### EXERCISE DESCRIPTION:
In the entries below, find the line with "rewrite /fdot rmorph_sum;" and the line with "have lamV_gt0 : 0". Reproduce those two lines and every line between them exactly, and nothing more.

### DATASET EXCERPTS:
□ □ □ □ □

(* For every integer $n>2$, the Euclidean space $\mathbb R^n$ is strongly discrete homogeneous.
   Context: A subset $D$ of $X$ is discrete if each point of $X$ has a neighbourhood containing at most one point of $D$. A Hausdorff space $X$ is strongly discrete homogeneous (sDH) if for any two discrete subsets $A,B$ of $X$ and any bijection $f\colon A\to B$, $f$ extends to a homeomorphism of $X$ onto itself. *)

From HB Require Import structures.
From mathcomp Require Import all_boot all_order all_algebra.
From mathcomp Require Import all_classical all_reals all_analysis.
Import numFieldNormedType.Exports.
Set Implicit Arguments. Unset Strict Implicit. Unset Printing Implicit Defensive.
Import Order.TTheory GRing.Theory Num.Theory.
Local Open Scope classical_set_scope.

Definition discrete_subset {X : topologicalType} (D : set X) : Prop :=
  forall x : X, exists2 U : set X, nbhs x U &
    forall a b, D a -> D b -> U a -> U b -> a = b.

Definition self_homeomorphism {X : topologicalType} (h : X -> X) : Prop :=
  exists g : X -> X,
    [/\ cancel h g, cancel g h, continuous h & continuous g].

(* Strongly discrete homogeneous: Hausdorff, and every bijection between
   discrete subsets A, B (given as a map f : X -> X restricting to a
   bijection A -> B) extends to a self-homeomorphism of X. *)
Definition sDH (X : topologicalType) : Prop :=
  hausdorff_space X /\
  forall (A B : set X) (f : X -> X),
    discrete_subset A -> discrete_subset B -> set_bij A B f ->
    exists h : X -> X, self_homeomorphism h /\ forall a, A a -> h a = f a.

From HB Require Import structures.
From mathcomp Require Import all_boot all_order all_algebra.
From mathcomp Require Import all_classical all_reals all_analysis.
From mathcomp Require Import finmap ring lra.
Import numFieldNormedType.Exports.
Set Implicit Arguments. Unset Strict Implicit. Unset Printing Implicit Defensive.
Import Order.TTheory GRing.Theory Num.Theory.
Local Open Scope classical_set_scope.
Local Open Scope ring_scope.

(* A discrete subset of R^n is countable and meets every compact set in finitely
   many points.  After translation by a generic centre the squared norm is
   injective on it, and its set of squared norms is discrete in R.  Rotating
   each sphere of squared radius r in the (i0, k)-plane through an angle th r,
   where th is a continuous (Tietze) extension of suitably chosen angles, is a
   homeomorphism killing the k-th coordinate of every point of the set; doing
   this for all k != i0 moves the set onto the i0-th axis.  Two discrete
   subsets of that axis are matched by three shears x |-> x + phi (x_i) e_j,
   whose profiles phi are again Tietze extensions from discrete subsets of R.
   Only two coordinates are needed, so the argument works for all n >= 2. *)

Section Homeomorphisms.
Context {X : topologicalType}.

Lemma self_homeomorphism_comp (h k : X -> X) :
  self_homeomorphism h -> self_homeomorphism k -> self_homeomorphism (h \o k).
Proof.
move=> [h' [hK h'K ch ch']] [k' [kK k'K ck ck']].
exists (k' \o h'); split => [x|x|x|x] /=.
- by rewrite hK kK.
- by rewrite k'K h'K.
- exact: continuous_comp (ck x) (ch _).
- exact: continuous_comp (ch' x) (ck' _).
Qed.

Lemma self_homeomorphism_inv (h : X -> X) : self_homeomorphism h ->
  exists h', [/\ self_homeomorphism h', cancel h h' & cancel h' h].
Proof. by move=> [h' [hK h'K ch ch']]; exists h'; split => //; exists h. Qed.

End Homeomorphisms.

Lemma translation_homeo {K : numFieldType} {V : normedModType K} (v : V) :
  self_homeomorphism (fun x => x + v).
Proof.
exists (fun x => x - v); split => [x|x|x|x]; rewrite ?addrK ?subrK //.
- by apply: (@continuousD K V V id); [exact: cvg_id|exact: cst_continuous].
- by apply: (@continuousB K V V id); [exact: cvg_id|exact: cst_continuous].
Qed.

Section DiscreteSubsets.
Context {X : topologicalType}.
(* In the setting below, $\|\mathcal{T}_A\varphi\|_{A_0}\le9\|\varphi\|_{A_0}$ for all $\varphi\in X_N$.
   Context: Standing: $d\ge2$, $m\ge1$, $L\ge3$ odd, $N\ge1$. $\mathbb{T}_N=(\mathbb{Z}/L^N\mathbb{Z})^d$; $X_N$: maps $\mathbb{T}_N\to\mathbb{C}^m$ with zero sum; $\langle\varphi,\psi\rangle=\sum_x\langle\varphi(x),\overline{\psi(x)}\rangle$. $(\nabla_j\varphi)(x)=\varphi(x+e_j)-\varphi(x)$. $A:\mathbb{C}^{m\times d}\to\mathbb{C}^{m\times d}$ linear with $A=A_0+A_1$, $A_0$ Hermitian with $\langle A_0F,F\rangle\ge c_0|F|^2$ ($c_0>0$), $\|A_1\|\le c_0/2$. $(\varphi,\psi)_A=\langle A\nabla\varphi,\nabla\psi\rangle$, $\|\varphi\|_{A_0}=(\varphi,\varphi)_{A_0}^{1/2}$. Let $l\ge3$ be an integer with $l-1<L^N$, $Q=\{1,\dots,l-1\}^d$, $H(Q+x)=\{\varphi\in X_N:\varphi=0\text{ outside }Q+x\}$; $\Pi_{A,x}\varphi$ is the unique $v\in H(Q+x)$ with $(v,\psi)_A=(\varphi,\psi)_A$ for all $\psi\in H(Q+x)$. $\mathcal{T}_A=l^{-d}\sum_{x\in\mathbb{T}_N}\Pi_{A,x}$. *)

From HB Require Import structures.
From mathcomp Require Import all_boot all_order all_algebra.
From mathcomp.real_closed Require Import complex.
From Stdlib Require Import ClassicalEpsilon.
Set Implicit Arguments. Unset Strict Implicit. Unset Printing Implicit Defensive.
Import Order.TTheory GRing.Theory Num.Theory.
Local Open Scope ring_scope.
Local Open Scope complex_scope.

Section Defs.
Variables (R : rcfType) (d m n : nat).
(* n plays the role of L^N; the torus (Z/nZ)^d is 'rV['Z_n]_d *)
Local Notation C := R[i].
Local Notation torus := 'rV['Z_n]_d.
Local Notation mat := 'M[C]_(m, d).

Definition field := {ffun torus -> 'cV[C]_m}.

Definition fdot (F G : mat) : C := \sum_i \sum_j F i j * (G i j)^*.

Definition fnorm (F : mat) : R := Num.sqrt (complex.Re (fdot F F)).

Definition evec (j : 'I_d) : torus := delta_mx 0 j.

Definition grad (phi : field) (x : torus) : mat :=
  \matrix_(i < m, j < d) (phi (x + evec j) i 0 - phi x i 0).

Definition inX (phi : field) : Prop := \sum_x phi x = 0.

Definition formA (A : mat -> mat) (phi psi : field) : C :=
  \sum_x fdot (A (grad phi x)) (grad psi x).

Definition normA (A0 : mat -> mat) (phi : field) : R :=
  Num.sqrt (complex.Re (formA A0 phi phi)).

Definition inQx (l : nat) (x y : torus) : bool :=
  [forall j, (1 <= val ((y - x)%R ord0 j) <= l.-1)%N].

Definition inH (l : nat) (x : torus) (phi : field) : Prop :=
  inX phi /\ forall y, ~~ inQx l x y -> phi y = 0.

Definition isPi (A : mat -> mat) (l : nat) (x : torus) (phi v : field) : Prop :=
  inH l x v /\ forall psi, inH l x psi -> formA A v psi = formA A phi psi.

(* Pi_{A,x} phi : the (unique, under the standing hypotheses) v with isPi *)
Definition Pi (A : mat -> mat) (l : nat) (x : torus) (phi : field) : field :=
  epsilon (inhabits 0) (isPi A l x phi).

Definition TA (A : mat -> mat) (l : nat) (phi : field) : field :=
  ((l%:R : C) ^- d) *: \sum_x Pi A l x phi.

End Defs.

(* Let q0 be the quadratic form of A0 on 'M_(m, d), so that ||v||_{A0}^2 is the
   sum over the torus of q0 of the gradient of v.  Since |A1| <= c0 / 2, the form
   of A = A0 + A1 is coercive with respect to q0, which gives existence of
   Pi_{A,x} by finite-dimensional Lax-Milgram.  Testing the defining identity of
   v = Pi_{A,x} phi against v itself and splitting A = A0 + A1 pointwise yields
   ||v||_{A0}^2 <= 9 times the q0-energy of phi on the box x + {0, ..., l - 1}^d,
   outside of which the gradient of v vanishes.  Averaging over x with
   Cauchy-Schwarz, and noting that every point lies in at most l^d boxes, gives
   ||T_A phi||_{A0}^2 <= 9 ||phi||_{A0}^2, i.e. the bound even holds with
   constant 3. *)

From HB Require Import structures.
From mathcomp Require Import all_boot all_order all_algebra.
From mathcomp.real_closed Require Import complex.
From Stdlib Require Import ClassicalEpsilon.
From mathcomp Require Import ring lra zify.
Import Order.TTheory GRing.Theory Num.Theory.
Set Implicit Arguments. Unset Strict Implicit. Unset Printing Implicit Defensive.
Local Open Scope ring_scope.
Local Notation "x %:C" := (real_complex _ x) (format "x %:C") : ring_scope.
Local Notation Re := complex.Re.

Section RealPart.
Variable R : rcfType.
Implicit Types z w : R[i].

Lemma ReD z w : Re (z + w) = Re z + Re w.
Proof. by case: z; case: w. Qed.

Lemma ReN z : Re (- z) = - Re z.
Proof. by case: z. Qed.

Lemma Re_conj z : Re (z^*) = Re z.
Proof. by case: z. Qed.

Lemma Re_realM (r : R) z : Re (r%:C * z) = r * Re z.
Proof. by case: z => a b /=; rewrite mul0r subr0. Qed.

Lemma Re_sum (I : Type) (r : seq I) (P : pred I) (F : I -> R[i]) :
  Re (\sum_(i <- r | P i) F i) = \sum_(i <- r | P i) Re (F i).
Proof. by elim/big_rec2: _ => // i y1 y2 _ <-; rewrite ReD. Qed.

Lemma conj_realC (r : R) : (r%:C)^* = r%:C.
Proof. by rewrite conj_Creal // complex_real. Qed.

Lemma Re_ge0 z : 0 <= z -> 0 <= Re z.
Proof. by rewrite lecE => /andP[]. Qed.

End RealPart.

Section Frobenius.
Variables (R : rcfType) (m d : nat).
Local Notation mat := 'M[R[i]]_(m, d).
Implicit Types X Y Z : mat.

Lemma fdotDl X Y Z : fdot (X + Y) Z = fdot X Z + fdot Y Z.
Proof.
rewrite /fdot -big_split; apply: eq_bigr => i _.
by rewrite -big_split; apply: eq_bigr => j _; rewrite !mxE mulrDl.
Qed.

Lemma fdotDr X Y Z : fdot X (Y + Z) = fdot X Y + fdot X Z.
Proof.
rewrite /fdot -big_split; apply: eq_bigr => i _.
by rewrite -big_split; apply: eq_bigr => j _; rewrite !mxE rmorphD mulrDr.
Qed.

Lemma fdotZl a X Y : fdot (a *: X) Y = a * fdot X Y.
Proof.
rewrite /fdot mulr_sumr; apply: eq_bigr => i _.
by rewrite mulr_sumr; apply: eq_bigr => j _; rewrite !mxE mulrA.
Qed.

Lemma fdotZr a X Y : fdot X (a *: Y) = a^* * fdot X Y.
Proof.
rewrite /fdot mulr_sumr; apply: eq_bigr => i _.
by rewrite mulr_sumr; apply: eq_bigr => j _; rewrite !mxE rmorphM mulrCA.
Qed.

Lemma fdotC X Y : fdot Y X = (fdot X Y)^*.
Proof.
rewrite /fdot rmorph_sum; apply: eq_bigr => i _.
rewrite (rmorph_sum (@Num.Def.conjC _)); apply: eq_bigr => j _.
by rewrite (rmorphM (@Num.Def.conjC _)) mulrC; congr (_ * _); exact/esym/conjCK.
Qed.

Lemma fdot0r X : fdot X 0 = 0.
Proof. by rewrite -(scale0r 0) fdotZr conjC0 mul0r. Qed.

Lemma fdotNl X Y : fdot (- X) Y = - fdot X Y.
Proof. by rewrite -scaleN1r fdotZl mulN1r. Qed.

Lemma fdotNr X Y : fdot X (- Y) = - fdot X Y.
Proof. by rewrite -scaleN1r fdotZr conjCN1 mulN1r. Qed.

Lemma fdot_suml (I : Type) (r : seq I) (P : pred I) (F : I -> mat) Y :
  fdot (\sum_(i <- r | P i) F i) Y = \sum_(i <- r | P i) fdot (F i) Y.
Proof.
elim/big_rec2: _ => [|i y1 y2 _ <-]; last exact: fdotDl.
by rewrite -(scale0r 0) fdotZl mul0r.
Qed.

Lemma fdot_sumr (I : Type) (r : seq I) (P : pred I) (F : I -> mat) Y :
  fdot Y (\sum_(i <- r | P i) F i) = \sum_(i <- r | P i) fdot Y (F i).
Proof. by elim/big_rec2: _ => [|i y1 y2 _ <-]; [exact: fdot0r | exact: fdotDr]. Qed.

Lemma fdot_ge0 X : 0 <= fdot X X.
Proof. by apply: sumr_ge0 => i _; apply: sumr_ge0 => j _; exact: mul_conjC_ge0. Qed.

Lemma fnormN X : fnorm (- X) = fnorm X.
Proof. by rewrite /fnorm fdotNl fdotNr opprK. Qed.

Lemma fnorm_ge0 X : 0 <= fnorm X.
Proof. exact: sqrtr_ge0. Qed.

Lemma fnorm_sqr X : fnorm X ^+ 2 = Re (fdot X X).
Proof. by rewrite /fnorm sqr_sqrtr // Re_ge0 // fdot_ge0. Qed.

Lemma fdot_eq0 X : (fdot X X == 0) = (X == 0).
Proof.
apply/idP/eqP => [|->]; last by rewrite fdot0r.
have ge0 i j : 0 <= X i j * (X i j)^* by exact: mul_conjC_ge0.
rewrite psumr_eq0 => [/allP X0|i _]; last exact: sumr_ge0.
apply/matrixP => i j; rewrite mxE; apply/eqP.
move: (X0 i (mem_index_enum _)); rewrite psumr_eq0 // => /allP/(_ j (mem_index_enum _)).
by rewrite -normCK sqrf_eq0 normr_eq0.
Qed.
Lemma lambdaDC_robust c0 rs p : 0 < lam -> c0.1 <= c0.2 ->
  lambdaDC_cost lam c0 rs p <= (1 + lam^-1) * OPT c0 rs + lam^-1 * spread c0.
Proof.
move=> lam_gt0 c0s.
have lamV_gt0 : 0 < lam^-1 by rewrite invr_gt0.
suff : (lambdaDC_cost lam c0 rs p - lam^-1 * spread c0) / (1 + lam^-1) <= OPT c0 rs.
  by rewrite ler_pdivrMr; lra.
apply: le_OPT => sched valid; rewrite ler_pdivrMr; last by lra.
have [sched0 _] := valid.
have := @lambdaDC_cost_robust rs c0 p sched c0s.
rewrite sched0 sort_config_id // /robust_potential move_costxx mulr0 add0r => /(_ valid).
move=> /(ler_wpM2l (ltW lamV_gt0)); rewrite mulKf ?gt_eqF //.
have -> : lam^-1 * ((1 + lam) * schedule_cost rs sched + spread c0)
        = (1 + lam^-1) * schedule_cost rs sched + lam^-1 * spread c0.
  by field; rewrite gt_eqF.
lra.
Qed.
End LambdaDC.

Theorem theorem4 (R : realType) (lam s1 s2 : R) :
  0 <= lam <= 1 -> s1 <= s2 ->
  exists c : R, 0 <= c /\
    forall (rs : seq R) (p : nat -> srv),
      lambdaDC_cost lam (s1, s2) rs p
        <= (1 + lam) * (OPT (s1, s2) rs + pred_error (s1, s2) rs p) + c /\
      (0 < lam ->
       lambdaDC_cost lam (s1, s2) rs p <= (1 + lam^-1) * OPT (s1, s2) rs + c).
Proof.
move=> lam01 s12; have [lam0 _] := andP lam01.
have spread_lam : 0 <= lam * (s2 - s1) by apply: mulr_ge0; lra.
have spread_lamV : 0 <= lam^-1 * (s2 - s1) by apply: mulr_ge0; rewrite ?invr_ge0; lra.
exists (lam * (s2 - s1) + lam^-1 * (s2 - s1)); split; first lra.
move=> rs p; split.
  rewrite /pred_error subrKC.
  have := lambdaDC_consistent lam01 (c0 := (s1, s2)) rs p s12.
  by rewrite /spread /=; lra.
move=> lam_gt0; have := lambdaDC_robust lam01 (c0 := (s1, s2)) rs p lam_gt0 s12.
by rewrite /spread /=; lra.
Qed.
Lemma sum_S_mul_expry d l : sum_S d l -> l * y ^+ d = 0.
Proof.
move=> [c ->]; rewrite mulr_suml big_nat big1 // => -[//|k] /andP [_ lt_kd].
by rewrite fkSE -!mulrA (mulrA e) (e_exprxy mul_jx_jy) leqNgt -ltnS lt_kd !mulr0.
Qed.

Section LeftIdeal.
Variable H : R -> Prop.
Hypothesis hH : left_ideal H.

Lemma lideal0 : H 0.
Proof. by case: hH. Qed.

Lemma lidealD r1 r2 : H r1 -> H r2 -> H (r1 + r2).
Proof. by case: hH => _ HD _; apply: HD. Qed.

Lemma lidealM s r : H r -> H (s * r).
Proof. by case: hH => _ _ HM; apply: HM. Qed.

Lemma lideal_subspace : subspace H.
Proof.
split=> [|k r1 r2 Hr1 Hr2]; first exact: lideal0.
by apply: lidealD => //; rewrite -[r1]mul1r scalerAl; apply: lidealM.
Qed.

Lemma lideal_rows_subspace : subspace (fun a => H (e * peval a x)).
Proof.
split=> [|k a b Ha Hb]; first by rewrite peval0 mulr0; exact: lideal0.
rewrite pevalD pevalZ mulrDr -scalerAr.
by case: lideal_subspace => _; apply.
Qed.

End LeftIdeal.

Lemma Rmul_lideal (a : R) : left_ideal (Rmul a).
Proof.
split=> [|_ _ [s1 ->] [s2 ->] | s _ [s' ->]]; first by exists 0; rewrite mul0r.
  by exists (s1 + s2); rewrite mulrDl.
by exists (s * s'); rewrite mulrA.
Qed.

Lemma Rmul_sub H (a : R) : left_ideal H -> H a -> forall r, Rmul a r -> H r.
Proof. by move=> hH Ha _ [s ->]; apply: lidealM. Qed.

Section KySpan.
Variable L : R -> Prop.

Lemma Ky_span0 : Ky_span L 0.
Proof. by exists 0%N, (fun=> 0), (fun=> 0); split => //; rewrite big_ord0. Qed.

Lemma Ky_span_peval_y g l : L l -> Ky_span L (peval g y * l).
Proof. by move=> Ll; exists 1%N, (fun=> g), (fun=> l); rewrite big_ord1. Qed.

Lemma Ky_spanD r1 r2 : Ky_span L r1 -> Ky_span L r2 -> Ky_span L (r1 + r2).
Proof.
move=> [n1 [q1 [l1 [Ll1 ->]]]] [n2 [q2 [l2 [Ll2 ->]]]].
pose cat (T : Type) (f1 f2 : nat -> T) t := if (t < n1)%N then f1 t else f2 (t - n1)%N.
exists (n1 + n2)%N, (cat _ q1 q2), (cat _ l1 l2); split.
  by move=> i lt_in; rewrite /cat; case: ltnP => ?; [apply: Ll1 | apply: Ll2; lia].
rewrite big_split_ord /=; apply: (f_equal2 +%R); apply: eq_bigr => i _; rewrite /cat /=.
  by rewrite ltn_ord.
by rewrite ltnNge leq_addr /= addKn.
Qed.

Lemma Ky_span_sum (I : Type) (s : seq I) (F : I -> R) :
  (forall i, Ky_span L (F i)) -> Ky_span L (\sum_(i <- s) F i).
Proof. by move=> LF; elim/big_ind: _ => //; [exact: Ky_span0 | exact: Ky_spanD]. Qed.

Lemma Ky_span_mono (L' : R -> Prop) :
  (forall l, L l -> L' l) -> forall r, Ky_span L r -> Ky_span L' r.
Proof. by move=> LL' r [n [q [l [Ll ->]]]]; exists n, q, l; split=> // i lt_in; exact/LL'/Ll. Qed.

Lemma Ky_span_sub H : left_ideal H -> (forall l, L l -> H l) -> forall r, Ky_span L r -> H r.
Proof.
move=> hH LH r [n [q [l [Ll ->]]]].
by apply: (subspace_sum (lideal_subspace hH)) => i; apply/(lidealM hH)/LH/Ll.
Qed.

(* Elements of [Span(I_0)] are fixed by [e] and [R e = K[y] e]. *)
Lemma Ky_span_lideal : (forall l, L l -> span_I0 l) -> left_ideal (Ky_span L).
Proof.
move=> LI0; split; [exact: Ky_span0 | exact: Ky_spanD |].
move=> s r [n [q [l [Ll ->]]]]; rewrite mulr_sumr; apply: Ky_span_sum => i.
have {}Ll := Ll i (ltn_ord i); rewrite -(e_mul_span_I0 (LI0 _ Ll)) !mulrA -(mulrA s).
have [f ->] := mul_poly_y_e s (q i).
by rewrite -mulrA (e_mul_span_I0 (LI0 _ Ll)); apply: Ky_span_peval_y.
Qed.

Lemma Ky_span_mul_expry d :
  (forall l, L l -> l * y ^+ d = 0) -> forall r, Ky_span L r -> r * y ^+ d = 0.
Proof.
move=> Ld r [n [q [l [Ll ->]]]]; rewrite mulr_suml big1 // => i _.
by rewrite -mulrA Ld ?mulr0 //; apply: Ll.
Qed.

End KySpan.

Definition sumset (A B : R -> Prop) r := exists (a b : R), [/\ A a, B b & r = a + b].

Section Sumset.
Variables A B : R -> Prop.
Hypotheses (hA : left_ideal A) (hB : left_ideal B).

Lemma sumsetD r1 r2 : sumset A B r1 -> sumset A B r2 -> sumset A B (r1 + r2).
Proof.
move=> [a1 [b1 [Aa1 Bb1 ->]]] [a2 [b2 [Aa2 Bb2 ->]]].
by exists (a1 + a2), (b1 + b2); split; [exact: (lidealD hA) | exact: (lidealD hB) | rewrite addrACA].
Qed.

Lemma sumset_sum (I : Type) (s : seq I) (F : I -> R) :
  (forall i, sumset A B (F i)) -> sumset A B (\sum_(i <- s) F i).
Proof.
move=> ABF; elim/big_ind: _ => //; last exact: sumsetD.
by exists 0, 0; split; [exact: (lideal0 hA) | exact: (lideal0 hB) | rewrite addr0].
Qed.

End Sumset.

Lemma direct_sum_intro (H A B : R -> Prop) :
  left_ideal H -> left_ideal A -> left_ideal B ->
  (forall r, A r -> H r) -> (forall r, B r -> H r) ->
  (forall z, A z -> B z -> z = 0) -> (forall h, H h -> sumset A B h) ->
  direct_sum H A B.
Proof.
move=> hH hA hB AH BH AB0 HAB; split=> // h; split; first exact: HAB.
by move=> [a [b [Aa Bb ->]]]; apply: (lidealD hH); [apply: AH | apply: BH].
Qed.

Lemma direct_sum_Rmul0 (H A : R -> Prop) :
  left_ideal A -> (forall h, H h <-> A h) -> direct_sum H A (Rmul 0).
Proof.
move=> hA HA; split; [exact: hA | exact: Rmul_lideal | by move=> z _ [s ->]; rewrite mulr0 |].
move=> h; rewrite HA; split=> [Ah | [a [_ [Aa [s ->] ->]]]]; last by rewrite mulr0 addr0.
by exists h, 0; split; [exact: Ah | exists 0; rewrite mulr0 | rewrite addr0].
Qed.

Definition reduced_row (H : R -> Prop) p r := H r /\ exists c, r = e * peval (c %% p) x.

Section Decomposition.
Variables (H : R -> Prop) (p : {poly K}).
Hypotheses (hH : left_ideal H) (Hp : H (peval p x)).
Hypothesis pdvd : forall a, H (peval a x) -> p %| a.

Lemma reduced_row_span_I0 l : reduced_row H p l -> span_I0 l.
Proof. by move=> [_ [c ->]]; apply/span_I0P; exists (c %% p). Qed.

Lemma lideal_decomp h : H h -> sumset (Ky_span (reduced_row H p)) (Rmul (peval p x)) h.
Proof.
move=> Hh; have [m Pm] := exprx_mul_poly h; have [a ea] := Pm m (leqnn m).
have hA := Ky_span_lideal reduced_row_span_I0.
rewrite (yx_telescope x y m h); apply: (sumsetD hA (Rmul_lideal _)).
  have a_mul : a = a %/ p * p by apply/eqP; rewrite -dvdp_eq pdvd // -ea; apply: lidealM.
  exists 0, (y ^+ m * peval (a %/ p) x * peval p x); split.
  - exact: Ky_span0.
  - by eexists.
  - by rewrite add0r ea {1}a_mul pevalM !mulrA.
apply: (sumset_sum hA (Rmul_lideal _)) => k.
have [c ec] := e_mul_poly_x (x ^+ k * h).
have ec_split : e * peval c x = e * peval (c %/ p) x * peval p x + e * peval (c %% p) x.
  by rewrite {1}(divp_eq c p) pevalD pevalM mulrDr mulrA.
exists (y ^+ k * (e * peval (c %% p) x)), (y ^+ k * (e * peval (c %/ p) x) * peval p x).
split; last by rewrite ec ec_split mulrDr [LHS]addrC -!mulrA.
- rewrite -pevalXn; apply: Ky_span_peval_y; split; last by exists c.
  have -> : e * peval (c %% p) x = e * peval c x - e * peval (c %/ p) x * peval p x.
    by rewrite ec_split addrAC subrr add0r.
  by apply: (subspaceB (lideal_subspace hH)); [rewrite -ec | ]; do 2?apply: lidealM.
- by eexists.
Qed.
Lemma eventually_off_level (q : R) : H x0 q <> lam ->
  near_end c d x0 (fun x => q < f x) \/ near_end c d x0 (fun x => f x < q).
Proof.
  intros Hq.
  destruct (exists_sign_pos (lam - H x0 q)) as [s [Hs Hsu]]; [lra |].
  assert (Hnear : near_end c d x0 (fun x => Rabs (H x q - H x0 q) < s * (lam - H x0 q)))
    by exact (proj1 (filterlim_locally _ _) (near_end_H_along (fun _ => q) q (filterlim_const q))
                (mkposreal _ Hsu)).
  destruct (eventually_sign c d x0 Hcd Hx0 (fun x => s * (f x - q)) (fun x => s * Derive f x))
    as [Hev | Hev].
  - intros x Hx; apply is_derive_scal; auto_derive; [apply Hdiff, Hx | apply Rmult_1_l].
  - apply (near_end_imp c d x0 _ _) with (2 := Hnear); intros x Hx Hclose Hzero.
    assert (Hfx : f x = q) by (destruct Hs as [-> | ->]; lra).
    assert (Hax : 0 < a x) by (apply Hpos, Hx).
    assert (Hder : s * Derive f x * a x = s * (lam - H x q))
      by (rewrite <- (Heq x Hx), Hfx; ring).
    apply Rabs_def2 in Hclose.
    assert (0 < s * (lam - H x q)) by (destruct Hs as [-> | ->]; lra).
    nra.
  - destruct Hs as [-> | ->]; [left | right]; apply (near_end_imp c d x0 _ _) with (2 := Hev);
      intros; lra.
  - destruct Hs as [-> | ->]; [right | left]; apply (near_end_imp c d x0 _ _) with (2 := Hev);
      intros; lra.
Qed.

□ □ □ □ □

### ANSWER SECTION:
rewrite /fdot rmorph_sum; apply: eq_bigr => i _.
rewrite (rmorph_sum (@Num.Def.conjC _)); apply: eq_bigr => j _.
by rewrite (rmorphM (@Num.Def.conjC _)) mulrC; congr (_ * _); exact/esym/conjCK.
Qed.

Lemma fdot0r X : fdot X 0 = 0.
Proof. by rewrite -(scale0r 0) fdotZr conjC0 mul0r. Qed.

Lemma fdotNl X Y : fdot (- X) Y = - fdot X Y.
Proof. by rewrite -scaleN1r fdotZl mulN1r. Qed.

Lemma fdotNr X Y : fdot X (- Y) = - fdot X Y.
Proof. by rewrite -scaleN1r fdotZr conjCN1 mulN1r. Qed.

Lemma fdot_suml (I : Type) (r : seq I) (P : pred I) (F : I -> mat) Y :
  fdot (\sum_(i <- r | P i) F i) Y = \sum_(i <- r | P i) fdot (F i) Y.
Proof.
elim/big_rec2: _ => [|i y1 y2 _ <-]; last exact: fdotDl.
by rewrite -(scale0r 0) fdotZl mul0r.
Qed.

Lemma fdot_sumr (I : Type) (r : seq I) (P : pred I) (F : I -> mat) Y :
  fdot Y (\sum_(i <- r | P i) F i) = \sum_(i <- r | P i) fdot Y (F i).
Proof. by elim/big_rec2: _ => [|i y1 y2 _ <-]; [exact: fdot0r | exact: fdotDr]. Qed.

Lemma fdot_ge0 X : 0 <= fdot X X.
Proof. by apply: sumr_ge0 => i _; apply: sumr_ge0 => j _; exact: mul_conjC_ge0. Qed.

Lemma fnormN X : fnorm (- X) = fnorm X.
Proof. by rewrite /fnorm fdotNl fdotNr opprK. Qed.

Lemma fnorm_ge0 X : 0 <= fnorm X.
Proof. exact: sqrtr_ge0. Qed.

Lemma fnorm_sqr X : fnorm X ^+ 2 = Re (fdot X X).
Proof. by rewrite /fnorm sqr_sqrtr // Re_ge0 // fdot_ge0. Qed.

Lemma fdot_eq0 X : (fdot X X == 0) = (X == 0).
Proof.
apply/idP/eqP => [|->]; last by rewrite fdot0r.
have ge0 i j : 0 <= X i j * (X i j)^* by exact: mul_conjC_ge0.
rewrite psumr_eq0 => [/allP X0|i _]; last exact: sumr_ge0.
apply/matrixP => i j; rewrite mxE; apply/eqP.
move: (X0 i (mem_index_enum _)); rewrite psumr_eq0 // => /allP/(_ j (mem_index_enum _)).
by rewrite -normCK sqrf_eq0 normr_eq0.
Qed.
Lemma lambdaDC_robust c0 rs p : 0 < lam -> c0.1 <= c0.2 ->
  lambdaDC_cost lam c0 rs p <= (1 + lam^-1) * OPT c0 rs + lam^-1 * spread c0.
Proof.
move=> lam_gt0 c0s.
have lamV_gt0 : 0 < lam^-1 by rewrite invr_gt0.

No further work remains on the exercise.